By folding up the membrane of a cell, or the tissue lining an organ, the area over which diffusion can take place is greatly increased. Therefore the rate of diffusion is also greatly increased, so that much more of a substance moves in a given time. (B2, p. 15)

The reference to the function of the intestine suggests the explanation should be categorized as legitimate functional teleology. It is difficult to predict how much text might be required to reliably categorize a fragment. Despite such uncertainties, there is scope for greater automation of the search process we used. For example, the phrase “in order to conserve” might be used to find cases of legitimate constraint teleology related to conservation laws (for example, “in order to conserve energy,” “in order to conserve momentum,” etc.).

Contemporary accounts suggest there is a lack of agreement over criteria for “good” scientific explanations (Alameh & Abd-El-Khalick, 2018). De Regt and Dieks (2005) and Alameh and Abd-El-Khalick (2018) propose a pragmatic approach to explanation that draws on a “toolbox” of different approaches in different contexts. Rather than expecting there to be definitive rules for categorizing legitimate from illegitimate explanatory approaches, we argue that there is likely to be some scope for interpretation in the classification of cases, and hence, a fully automated approach to text mining may not be possible. Whilst human coding of cases is responsive, it is also time consuming and inconsistent; by contrast, automated coding is rapid and reliable but lacks the flexibility of human intelligence (Heap et al., 2017). A hybrid mining approach (as in our study which used an automated initial search procedure to create a manageable data set for human coding) might have the benefits of both approaches. Text mining can, by reporting patterns of current usage, support the development of recommendations for textbook authors and teachers writing instructional material. In the case of teleology for example, our search suggests that authors and teachers, in the context of physics teleological explanations, are cautious when they use the phrases “and so,” “as,” “in order to,” and “therefore.” In our sample, these phrases were associated with relatively high probabilities of illegitimate uses of teleology (albeit the total incidence of such cases was low). In this way, text-mining approaches have the potential to offer guidance to writers of science education textbooks and other teaching resources about appropriate use of scientific language.

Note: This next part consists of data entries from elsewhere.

(* For every $k\ge0$, $F_k$ equals the $(I_0,I_0)$ entry of the matrix $\mathbf T^k$, where $I_0=[0,a-1]$.
   Context: Let $S$ be a finite set of integers with $a:=\max S\ge 1$ and $b:=-\min S\ge 1$. Each $s\in S$ carries a weight $\omega_s$ in a field $K$ of characteristic $0$; set $\omega_s:=0$ for $s\in\mathbb Z\setminus S$, and for $s\in\mathbb Z$ put $\beta_s:=\delta_{s,0}-\omega_s$. For $k\ge0$, $A_k$ is the $(k+1)\times(k+1)$ matrix with rows and columns indexed by $0,\dots,k$ whose $(i,j)$ entry is $\omega_{j-i}$. Put $F_0:=1$ and $F_k:=\det(1-A_{k-1})$ for $k\ge1$. Notation: $[m,n]:=\{i\in\mathbb Z: m\le i\le n\}$, $X+c:=\{x+c:x\in X\}$; an $n$-subset is a subset of cardinality $n$. For a finite set $I\subseteq\mathbb Z$ and $s\in\mathbb Z$, $\epsilon_s(I):=(-1)^{\#\{i\in I:\ i<s\}}$. $\mathbf T$ is the square matrix with rows and columns indexed by the $a$-subsets of $[-b,a-1]$ and entries $\mathbf T[I,J]:=\epsilon_s(I)\beta_s$ if there is an integer $s$ with $I\cup\{a\}=(J+1)\cup\{s\}$ (such $s$ is then unique), and $\mathbf T[I,J]:=0$ otherwise. *)

From HB Require Import structures.
From mathcomp Require Import all_boot all_order all_algebra.
From Stdlib Require Import ClassicalEpsilon.
Set Implicit Arguments. Unset Strict Implicit. Unset Printing Implicit Defensive.
Import Order.TTheory GRing.Theory Num.Theory.
Local Open Scope ring_scope.

Section Defs.
Variable K : fieldType.
Variable S : seq int.
Variable w : int -> K.

Definition omega (s : int) : K := if s \in S then w s else 0.

Definition beta (s : int) : K := (s == 0)%:R - omega s.

Definition Amx (k : nat) : 'M[K]_k.+1 :=
  \matrix_(i < k.+1, j < k.+1) omega (j%:Z - i%:Z).

Definition Fk (k : nat) : K :=
  if k is k'.+1 then \det (1%:M - Amx k') else 1.

Variables a b : nat.
(* Subsets of [-b, a-1] are encoded as subsets of 'I_(b+a),
   the ordinal i standing for the integer i - b. *)
Definition toZ (i : 'I_(b + a)) : int := i%:Z - b%:Z.

Definition inZ (I : {set 'I_(b + a)}) (x : int) : bool :=
  [exists i in I, toZ i == x].

Definition epsI (s : int) (I : {set 'I_(b + a)}) : K :=
  (-1) ^+ #|[set i in I | toZ i < s]|.

Definition Tcond (I J : {set 'I_(b + a)}) (s : int) : Prop :=
  forall x : int, (inZ I x || (x == a%:Z)) = (inZ J (x - 1) || (x == s)).

Definition Tentry (I J : {set 'I_(b + a)}) : K :=
  match excluded_middle_informative (exists s : int, Tcond I J s) with
  | left H => let s := proj1_sig (constructive_indefinite_description _ H) in
              epsI s I * beta s
  | right _ => 0
  end.

Definition asub := {I : {set 'I_(b + a)} | #|I| == a}.

Definition Tmx : 'M[K]_#|{: asub}| :=
  \matrix_(i, j) Tentry (val (enum_val i)) (val (enum_val j)).

Definition I0set : {set 'I_(b + a)} := [set rshift b i | i : 'I_a].

Lemma I0set_card : #|I0set| == a.
Proof.
by rewrite /I0set card_imset ?cardsT ?card_ord //; apply: rshift_inj.
Qed.

Definition I0 : asub := exist _ I0set I0set_card.

End Defs.

From HB Require Import structures.
From mathcomp Require Import all_boot all_order all_algebra.
From mathcomp Require Import zify.
From Stdlib Require Import ClassicalEpsilon.
Set Implicit Arguments. Unset Strict Implicit. Unset Printing Implicit Defensive.
Import Order.TTheory GRing.Theory Num.Theory.
Local Open Scope ring_scope.

(* Write beta for the symbol of 1 - A, so that 1 - A_{k-1} = (beta_{j-i})_{i,j<k}.
   For a column sequence c : nat -> int we consider the Toeplitz minor formed by
   the first n rows and the columns c 0, ..., c (n-1), "cut" to 0 unless
   c j = j for n <= j < a (cut_minor n c).  For the identity sequence this is
   F_n.  Expanding along the first row gives a recursion (cut_minor_rec) in
   which the columns c 0 < ... < c a are deleted one at a time, c m carrying
   the sign (-1)^m, and the remaining ones shifted down by one.

   An a-subset I of [-b, a-1] has a column sequence c_I (its elements in
   increasing order, continued by c_I j = j), and I u {a} = (L + 1) u {s}
   holds exactly when s = c_I m and L + 1 is (I u {a}) \ {c_I m}; then
   epsilon_s(I) = (-1)^m.  Hence the row I of T realises one step of the
   recursion (transfer_step), by induction the column I0 of T^n lists the
   cut minors of the c_L (Tpow_col_I0), and the entry (I0, I0) is F_n. *)

Lemma incr_add (c : nat -> int) : (forall j, c j < c j.+1) ->
  forall j d, c j + d%:Z <= c (j + d)%N.
Proof.
move=> c_incr j d; elim: d => [|d IH]; first by rewrite addn0 addr0.
by have := c_incr (j + d)%N; rewrite addnS; lia.
Qed.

The data set used in this study is relatively small (eight texts), and future studies, by drawing on larger corpora, will be able to report generalizable claims about language use in science education texts. For example, it would be interesting to determine patterns in the prevalence of categories of legitimate teleological explanations (e.g., human intention, physiological function, molecular function) in a larger sample of textbooks. More generally, text mining could be used to determine authors’ explanatory approaches in different contexts. Given the suggestion that approaches to explanation are contextual (Alameh & Abd-El-Khalick, 2018; De Regt & Dieks, 2005) and not necessarily clearly determined by theoretical rules, empirical data on usage patterns (for example, what forms of explanation are common in different topics in disciplines?) will be useful data for authors and teachers. Data related to trends in usage over time would also be of interest. We encourage researchers in science education to adopt the text-mining approach—it has the potential to develop novel knowledge about the customary linguistic usage of a field and hence support clarity of communication in science education texts.